30 ans révolus: Bilan
Voilà, j’ai fêté mes 31 ans il y a de ça 3 jours.
L’année de mes 30 ans est terminée.
J’ai envie de faire un bilan. Je trouve ça bien les bilans. Un condensé des faits marquants d’une période de la vie. Une liste, finalement. Je trouve ça bien une liste. ça a un côté rassurant. C’est rassurant une liste. C’est comme une carte; ça rend les choses tout de suite plus ordonnées, plus cadrées, plus accessibles. On s’y repère bien. C’est plus facile de se repérer sur la petite carte, dans un quelconque guide d’un quelconque routard, que dans la vaste ville étrangère où l’on pose les pieds pour la première fois. Enfin je trouve.
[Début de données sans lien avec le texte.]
(* Let a 3D consistent six-tuple of quad-equations with the tetrahedron property, composed of equations $H_k^\epsilon$ (rhombic and/or trapezoidal) and/or $Q_k^\epsilon$ for a fixed $k\in\{1,2,3\}$, be given on an elementary cube of $\mathbb Z^3$ (any of the nine systems described in the context, including those obtained by color inversion and rotation), with the Lagrangians $L,\Lambda,\bar\Lambda$ chosen consistently as in the context. Then, for every solution $X,X_i,X_{ij},X_{123}$ of the six-tuple, $$\Delta_1\mathcal L(X,X_2,X_3;\alpha_2,\alpha_3)+\Delta_2\mathcal L(X,X_3,X_1;\alpha_3,\alpha_1)+\Delta_3\mathcal L(X,X_1,X_2;\alpha_1,\alpha_2)=0,$$ where $\Delta_i$ acts on vertex functions by $\Delta_i F(X)=F(X_i)-F(X)$ (i.e., it shifts all arguments $X_\bullet\mapsto X_{\bullet i}$, with $X_{ii}$ not occurring), and $\mathcal L$ is the discrete Lagrangian two-form defined in the context. Consequently the action $S=\sum_{\sigma\in\Sigma}\mathcal L(\sigma)$ on quad-surfaces $\Sigma\subset\mathbb Z^m$ is invariant under elementary 3D flips on solutions.
   Context: Fix constants $\epsilon,\delta\in\mathbb C$ and $k\in\{1,2,3\}$. Polynomials: $Q_1^\epsilon=\alpha_1(x_1x_2+x_3x_4)-\alpha_2(x_1x_4+x_2x_3)-(\alpha_1-\alpha_2)(x_1x_3+x_2x_4)+\epsilon^2\alpha_1\alpha_2(\alpha_1-\alpha_2)$; $Q_2^\epsilon=\alpha_1(x_1x_2+x_3x_4)-\alpha_2(x_1x_4+x_2x_3)-(\alpha_1-\alpha_2)(x_1x_3+x_2x_4)+\alpha_1\alpha_2(\alpha_1-\alpha_2)+\epsilon\alpha_1\alpha_2(\alpha_1-\alpha_2)(x_1+x_2+x_3+x_4)-\epsilon^2\alpha_1\alpha_2(\alpha_1-\alpha_2)(\alpha_1^2-\alpha_1\alpha_2+\alpha_2^2)$; $Q_3^\epsilon=\sinh(2\alpha_1)(x_1x_2+x_3x_4)-\sinh(2\alpha_2)(x_1x_4+x_2x_3)-\sinh(2(\alpha_1-\alpha_2))(x_1x_3+x_2x_4)-4\delta^2\epsilon^2\sinh(2\alpha_1)\sinh(2\alpha_2)\sinh(2(\alpha_1-\alpha_2))$; $H_1^\epsilon=(x_1-x_3)(x_2-x_4)+(\alpha_2-\alpha_1)(1-\epsilon^2x_2x_4)$; $H_2^\epsilon=(x_1-x_3)(x_2-x_4)+(\alpha_2-\alpha_1)(x_1+x_2+x_3+x_4)+\alpha_2^2-\alpha_1^2-\frac{\epsilon}{2}(\alpha_2-\alpha_1)(2x_2+\alpha_1+\alpha_2)(2x_4+\alpha_1+\alpha_2)-\frac{\epsilon}{2}(\alpha_2-\alpha_1)^3$; $H_3^\epsilon=e^{2\alpha_1}(x_1x_2+x_3x_4)-e^{2\alpha_2}(x_1x_4+x_2x_3)+(e^{4\alpha_1}-e^{4\alpha_2})\big(\delta^2+\epsilon^2x_2x_4e^{-2(\alpha_1+\alpha_2)}\big)$. Rhombic $H_k^\epsilon$: $H_k^\epsilon(x_1,x_2,x_3,x_4)=0$ on a square with cyclic vertices $x_1,x_2,x_3,x_4$, edges $x_1x_2,x_3x_4$ with $\alpha_1$, $x_2x_3,x_4x_1$ with $\alpha_2$; $x_1,x_3$ black, $x_2,x_4$ white. Trapezoidal $H_k^\epsilon$: $H_k^\epsilon(x_1,x_3,x_2,x_4;\alpha_2-\alpha_1,\alpha_2)=0$ on a square with cyclic vertices $x_1,x_2,x_3,x_4$, black edge $x_1x_2$ and white edge $x_3x_4$ with $\alpha_1$, edges $x_2x_3,x_4x_1$ with $\alpha_2$. For $Q_k^\epsilon$ all vertices are black (or all white). Six-tuples: on the cube with vertices $x,x_i,x_{ij},x_{123}$ ($i,j\in\{1,2,3\}$), edges in direction $i$ carry $\alpha_i$; quad-equations $A(x,x_1,x_2,x_{12})=0$, $\bar A(x_3,x_{13},x_{23},x_{123})=0$, $B(x,x_2,x_3,x_{23})=0$, $\bar B(x_1,x_{12},x_{13},x_{123})=0$, $C(x,x_1,x_3,x_{13})=0$, $\bar C(x_2,x_{12},x_{23},x_{123})=0$ on the faces; 3D consistency means that for arbitrary $x,x_1,x_2,x_3$ the three values of $x_{123}$ from $\bar A,\bar B,\bar C$ coincide; the tetrahedron property means that solutions also satisfy quad-equations $K(x,x_{12},x_{13},x_{23})=0$ and $\bar K(x_1,x_2,x_3,x_{123})=0$ (diagonals $x_ix_j$ resp. $x_{ik}x_{jk}$ carry $\alpha_i-\alpha_j$). The nine systems (up to Möbius transformations of fields, color inversion, and rotations) are, for $k=1,2,3$: (a) all six faces rhombic $H_k^\epsilon$, tetrahedron equations $Q_k^\epsilon$ (e.g. $x,x_{ij}$ black, $x_i,x_{123}$ white); (b) two pairs of opposite faces trapezoidal $H_k^\epsilon$, one pair $Q_k^\epsilon$, tetrahedron equations $H_k^\epsilon$ (e.g. $x,x_1,x_2,x_{12}$ black, $x_3,x_{13},x_{23},x_{123}$ white); (c) two pairs of opposite faces trapezoidal $H_k^\epsilon$, one pair rhombic $H_k^\epsilon$, tetrahedron equations $H_k^\epsilon$ (e.g. $x,x_{12},x_3,x_{123}$ black, $x_1,x_2,x_{13},x_{23}$ white). The polynomials are normalized so that on each edge of the cube the biquadratics (biquadratic $Q^{i,j}=Q_{x_k}Q_{x_\ell}-QQ_{x_kx_\ell}$, $\{k,\ell\}$ complementary to $\{i,j\}$) coming from the two adjacent faces coincide up to the factor $-1$; consequently each edge and each face diagonal carries a well-defined Lagrangian. Lagrangians: in uniformizing variables $x=f(X)$ (black: $x=X$ for $k=1$; $x=X(1+\epsilon X)$, or $X$ if $\epsilon=0$, for $k=2$; $x=2\delta\epsilon\cosh 2X$, or $e^{2X}$ if $\epsilon=0$, for $k=3$; white: $x=X$ for $k=1,2$, $x=e^{2X}$ for $k=3$), functions $L(X,Y;\alpha)$ ($X$ black, $Y$ white), symmetric $\Lambda(X,X';a)$ (black-black), symmetric $\bar\Lambda(Y,Y';a)$ (white-white), chosen so that for each single quad-equation on its solutions: rhombic: $L(X_1,X_2;\alpha_1)+L(X_3,X_4;\alpha_1)-L(X_1,X_4;\alpha_2)-L(X_3,X_2;\alpha_2)-\Lambda(X_1,X_3;\alpha_1-\alpha_2)-\bar\Lambda(X_2,X_4;\alpha_1-\alpha_2)=0$; trapezoidal: $\Lambda(X_1,X_2;\alpha_1)+\bar\Lambda(X_3,X_4;\alpha_1)-L(X_1,X_4;\alpha_2)-L(X_2,X_3;\alpha_2)+L(X_1,X_3;\alpha_2-\alpha_1)+L(X_2,X_4;\alpha_2-\alpha_1)=0$; $Q_k^\epsilon$: the rhombic relation with all Lagrangians equal to $\Lambda$ (resp. $\bar\Lambda$ on all-white squares). Two-form on an oriented square with $X$ (at $n$), $X_1$ (at $n+e_i$), $X_2$ (at $n+e_j$), parameters $\alpha_1$ (direction $i$), $\alpha_2$ (direction $j$), according to the colors: (a) $X$ black, $X_1,X_2$ white: $\mathcal L=L(X,X_1;\alpha_1)-L(X,X_2;\alpha_2)-\bar\Lambda(X_1,X_2;\alpha_1-\alpha_2)$; (b) $X$ white, $X_1,X_2$ black: $\mathcal L=L(X_1,X;\alpha_1)-L(X_2,X;\alpha_2)-\Lambda(X_1,X_2;\alpha_1-\alpha_2)$; (c) $X,X_2$ black, $X_1$ white: $\mathcal L=L(X,X_1;\alpha_1)-\Lambda(X,X_2;\alpha_2)-L(X_2,X_1;\alpha_1-\alpha_2)$; (d) $X,X_2$ white, $X_1$ black: $\mathcal L=L(X_1,X;\alpha_1)-\bar\Lambda(X,X_2;\alpha_2)-L(X_1,X_2;\alpha_1-\alpha_2)$; (e) $X,X_1$ black, $X_2$ white: $\mathcal L=\Lambda(X,X_1;\alpha_1)-L(X,X_2;\alpha_2)+L(X_1,X_2;\alpha_2-\alpha_1)$; (f) $X,X_1$ white, $X_2$ black: $\mathcal L=\bar\Lambda(X,X_1;\alpha_1)-L(X_2,X;\alpha_2)+L(X_2,X_1;\alpha_2-\alpha_1)$; (g) all black: $\mathcal L=\Lambda(X,X_1;\alpha_1)-\Lambda(X,X_2;\alpha_2)-\Lambda(X_1,X_2;\alpha_1-\alpha_2)$; (h) all white: $\mathcal L=\bar\Lambda(X,X_1;\alpha_1)-\bar\Lambda(X,X_2;\alpha_2)-\bar\Lambda(X_1,X_2;\alpha_1-\alpha_2)$. *)

From Stdlib Require Import Reals.
Open Scope R_scope.

Record CC : Type := mkC { Re : R; Im : R }.

Definition Cr (r : R) : CC := mkC r 0.
Definition C0 : CC := Cr 0.
Definition C1 : CC := Cr 1.
Definition Cadd (z w : CC) : CC := mkC (Re z + Re w) (Im z + Im w).
Definition Copp (z : CC) : CC := mkC (- Re z) (- Im z).
Definition Csub (z w : CC) : CC := Cadd z (Copp w).
Definition Cmul (z w : CC) : CC :=
  mkC (Re z * Re w - Im z * Im w) (Re z * Im w + Im z * Re w).
Definition Cexp (z : CC) : CC := mkC (exp (Re z) * cos (Im z)) (exp (Re z) * sin (Im z)).
Definition Ccosh (z : CC) : CC := Cmul (Cr (/2)) (Cadd (Cexp z) (Cexp (Copp z))).
Definition Csinh (z : CC) : CC := Cmul (Cr (/2)) (Csub (Cexp z) (Cexp (Copp z))).

Definition C_eq_dec (z w : CC) : {z = w} + {z <> w}.
Proof.
  destruct z as [a b], w as [c d].
  destruct (Req_EM_T a c) as [H1|H1]; [destruct (Req_EM_T b d) as [H2|H2]|].
  - left; subst; reflexivity.
  - right; intro H; inversion H; contradiction.
  - right; intro H; inversion H; contradiction.
Defined.

Declare Scope C_scope.
Delimit Scope C_scope with Cx.
Bind Scope C_scope with CC.
Notation "x + y" := (Cadd x y) : C_scope.
Notation "x - y" := (Csub x y) : C_scope.
Notation "- x" := (Copp x) : C_scope.
Notation "x * y" := (Cmul x y) : C_scope.
Notation "0" := C0 : C_scope.
Notation "1" := C1 : C_scope.
Notation "2" := (Cr 2) : C_scope.
Notation "4" := (Cr 4) : C_scope.
Notation "x ^2" := (Cmul x x) (at level 2) : C_scope.

Local Open Scope C_scope.

Inductive kind : Type := K1 | K2 | K3.

Definition Qpoly (k : kind) (e d : CC) (x1 x2 x3 x4 a1 a2 : CC) : CC :=
  match k with
  | K1 => a1 * (x1 * x2 + x3 * x4) - a2 * (x1 * x4 + x2 * x3)
          - (a1 - a2) * (x1 * x3 + x2 * x4) + e^2 * a1 * a2 * (a1 - a2)
  | K2 => a1 * (x1 * x2 + x3 * x4) - a2 * (x1 * x4 + x2 * x3)
          - (a1 - a2) * (x1 * x3 + x2 * x4) + a1 * a2 * (a1 - a2)
          + e * a1 * a2 * (a1 - a2) * (x1 + x2 + x3 + x4)
          - e^2 * a1 * a2 * (a1 - a2) * (a1^2 - a1 * a2 + a2^2)
  | K3 => Csinh (2 * a1) * (x1 * x2 + x3 * x4) - Csinh (2 * a2) * (x1 * x4 + x2 * x3)
          - Csinh (2 * (a1 - a2)) * (x1 * x3 + x2 * x4)
          - 4 * d^2 * e^2 * Csinh (2 * a1) * Csinh (2 * a2) * Csinh (2 * (a1 - a2))
  end.

(** [Hpoly k e d x1 x2 x3 x4 a1 a2] is H_k^e (x1, x3 black; x2, x4 white). *)
Definition Hpoly (k : kind) (e d : CC) (x1 x2 x3 x4 a1 a2 : CC) : CC :=
  match k with
  | K1 => (x1 - x3) * (x2 - x4) + (a2 - a1) * (1 - e^2 * x2 * x4)
  | K2 => (x1 - x3) * (x2 - x4) + (a2 - a1) * (x1 + x2 + x3 + x4) + a2^2 - a1^2
          - e * Cr (/2) * (a2 - a1) * (2 * x2 + a1 + a2) * (2 * x4 + a1 + a2)
          - e * Cr (/2) * ((a2 - a1) * (a2 - a1) * (a2 - a1))
  | K3 => Cexp (2 * a1) * (x1 * x2 + x3 * x4) - Cexp (2 * a2) * (x1 * x4 + x2 * x3)
          + (Cexp (4 * a1) - Cexp (4 * a2))
            * (d^2 + e^2 * x2 * x4 * Cexp (- (2 * (a1 + a2))))
  end.

Definition unif_black (k : kind) (e d : CC) (X : CC) : CC :=
  match k with
  | K1 => X
  | K2 => X * (1 + e * X)
  | K3 => if C_eq_dec e 0 then Cexp (2 * X) else 2 * d * e * Ccosh (2 * X)
  end.

Definition unif_white (k : kind) (X : CC) : CC :=
  match k with
  | K1 | K2 => X
  | K3 => Cexp (2 * X)
  end.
J’adore les cartes. (J’adore le fait de me repérer sur la carte, d’y élaborer mon itinéraire, et puis ensuite d’affronter comme par magie la réalité de cet itinéraire.) C’est vrai que c’est magique ce truc des cartes; d’abord la projection, ensuite la "vraie vie". Dans une liste, c’est le contraire, on passe de la "vraie vie" à sa retranscription écrite, condensée, cadrée, rassurante. En fait, une liste, c’est une carte à l’envers.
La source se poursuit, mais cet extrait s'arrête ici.